Empirical results demonstrate improved interpretability, efficient search, and robust semantic reasoning in language models and knowledge graphs.

Hierarchical concept geometry is the study of how abstract concepts and their semantic relations—particularly hierarchical relations such as hypernymy, partonomies, and ontological containment—are encoded, represented, and manipulated within geometric spaces. The field integrates methodologies from spectral graph theory, Riemannian geometry, topological data analysis, and modern neural embedding techniques to formalize and exploit the geometry underlying concept hierarchies in LLMs, knowledge graphs, and high-dimensional data. Its central aim is to provide a rigorous mathematical and empirical account of how hierarchy is mapped to geometric structure, with implications for interpretability, efficient search, and semantic reasoning.
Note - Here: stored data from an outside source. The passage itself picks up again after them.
(* Let $I$ be an arbitrary index set. There exists a triple $(\mathcal X,\operatorname{tr},(X_i)_{i\in I})$, where $\mathcal X$ is a unital complex algebra, $\operatorname{tr}$ is a center-valued expectation on $\mathcal X$ and $X_i\in\mathcal X$, which possesses the universal property for $I$ (defined in the context). It is unique in the sense that any two such triples are related by a unique $I$-adapted isomorphism; it is denoted $(\mathbb{C}\{X_i:i\in I\},\operatorname{tr},(X_i)_{i\in I})$. The unital homomorphism $\mathbb{C}\langle X_i:i\in I\rangle\to\mathcal X$ sending $X_i\mapsto X_i$ is injective, and, viewing $\mathbb{C}\langle X_i:i\in I\rangle$ as a subalgebra, the set $$\{M_0\operatorname{tr}(M_1)\cdots\operatorname{tr}(M_n):\ n\in\mathbb N,\ M_0,\dots,M_n \text{ monomials of } \mathbb{C}\langle X_i:i\in I\rangle\}$$ (considered as a set of elements of $\mathcal X$, so coinciding elements are counted once) is a basis of $\mathcal X$.
   Context: $\mathbb{C}\langle X_i:i\in I\rangle$ is the free unital algebra on non-commuting indeterminates $(X_i)_{i\in I}$; monomials include the empty monomial $1$. For a unital complex algebra $\mathcal A$ with center $Z_{\mathcal A}$, a center-valued expectation is a linear map $\tau:\mathcal A\to Z_{\mathcal A}$ such that $\tau(\tau(A)B)=\tau(A)\tau(B)$ for all $A,B\in\mathcal A$ and $\tau(1_{\mathcal A})=1_{\mathcal A}$. A triple $(\mathcal X,\operatorname{tr},(X_i)_{i\in I})$ ($\mathcal X$ a unital algebra, $\operatorname{tr}$ a center-valued expectation on it, $X_i\in\mathcal X$) has the universal property for $I$ if for every unital complex algebra $\mathcal A$ with a center-valued expectation $\tau$ and every family $(A_i)_{i\in I}$ of elements of $\mathcal A$ there is a unique unital algebra homomorphism $f:\mathcal X\to\mathcal A$ with $f(X_i)=A_i$ for all $i$ and $\tau(f(X))=f(\operatorname{tr}(X))$ for all $X\in\mathcal X$. Such an $f$ is called an $I$-adapted homomorphism; a bijective one is an $I$-adapted isomorphism. *)

From HB Require Import structures.
From Stdlib Require Import Reals Lra Psatz ClassicalEpsilon FunctionalExtensionality.
From mathcomp Require Import all_boot all_order all_algebra.

Set Implicit Arguments.
Unset Strict Implicit.
Unset Printing Implicit Defensive.

Import GRing.Theory.

Record complex := Cmk { Re : R; Im : R }.

Definition classic_eqb (T : Type) (x y : T) : bool :=
  if excluded_middle_informative (x = y) then true else false.

Lemma classic_eqP (T : Type) : Equality.axiom (@classic_eqb T).
Proof.
move=> x y; rewrite /classic_eqb.
case: (excluded_middle_informative (x = y)) => h; [exact: ReflectT | exact: ReflectF].
Qed.

HB.instance Definition _ := hasDecEq.Build complex (@classic_eqP complex).

Definition classic_find (T : Type) (P : pred T) (n : nat) : option T :=
  match excluded_middle_informative (exists x, P x) with
  | left h => Some (proj1_sig (constructive_indefinite_description _ h))
  | right _ => None
  end.

Lemma classic_find_correct (T : Type) (P : pred T) n x :
  classic_find P n = Some x -> P x.
Proof.
rewrite /classic_find; case: excluded_middle_informative => // h [<-].
exact: proj2_sig (constructive_indefinite_description _ h).
Qed.

Lemma classic_find_complete (T : Type) (P : pred T) :
  (exists x, P x) -> exists n, classic_find P n.
Proof.
move=> h; exists 0%N; rewrite /classic_find.
by case: excluded_middle_informative.
Qed.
1. Foundations: Spectral, Linear, and Metric Models

Hierarchical relations in concept sets are commonly represented as trees or directed acyclic graphs (DAGs), with nodes encoding concepts and edges enacting "is-a," "part-of," or related taxonomic links. Several formal frameworks have emerged for mapping this symbolic structure to geometry:

Spectral organization: Co-occurrence statistics from large-scale text corpora, filtered through taxonomic graphs such as WordNet, define pairwise similarity kernels. Under the assumption that co-occurrence decays with semantic distance on a tree (i.e., $K(i,j) = f(dist(i,j))$ with $f$ positive, strictly decreasing), the Gram matrix of normalized co-occurrences acquires a distinct eigenspectrum. The leading eigenvectors separate broad branches (e.g., "animal" vs. "plant"), with subsequent components recursively splitting finer branches, producing a coarse-to-fine spectral geometry that mirrors the hierarchy itself (Nava et al., 22 May 2026). The block-diagonalization matches the decomposition into scaling and wavelet subspaces associated with levels and splits of the tree.
Linear representation hypothesis: In neural models, especially LLMs, binary and categorical concepts correspond to directions or polytopes in representation space. Hierarchical inheritance induces strict geometric orthogonality: if $w_0 \prec w_1 \prec w_2$ is a chain in the hierarchy, successive difference-vectors are orthogonal, and categorical subspaces are direct sums of simplices orthogonal to their ancestors. Empirical tests confirm these predictions for over 900 WordNet-derived concepts in Gemma and LLaMA-3 (Park et al., 2024).
Metric cones, polar geometry, and hyperbolic manifolds: Metric cone models $C^\beta(Z)$ provide a canonical embedding of hierarchy, with a scalar "height" $s$ capturing depth from the root. The distance from the apex to node encodes hierarchical level, while the angular component preserves lateral similarity. Metric cones can be constructed over arbitrary base spaces (Euclidean, hyperbolic, etc.), enabling both joint learning and extraction of hierarchical depth from pre-trained embeddings (Takehara et al., 2021). Polar and spherical frameworks (e.g., the Polaris system (Mishra et al., 30 Apr 2026)) decouple depth and semantics, mapping hierarchy to radius and ontological content to angular directions.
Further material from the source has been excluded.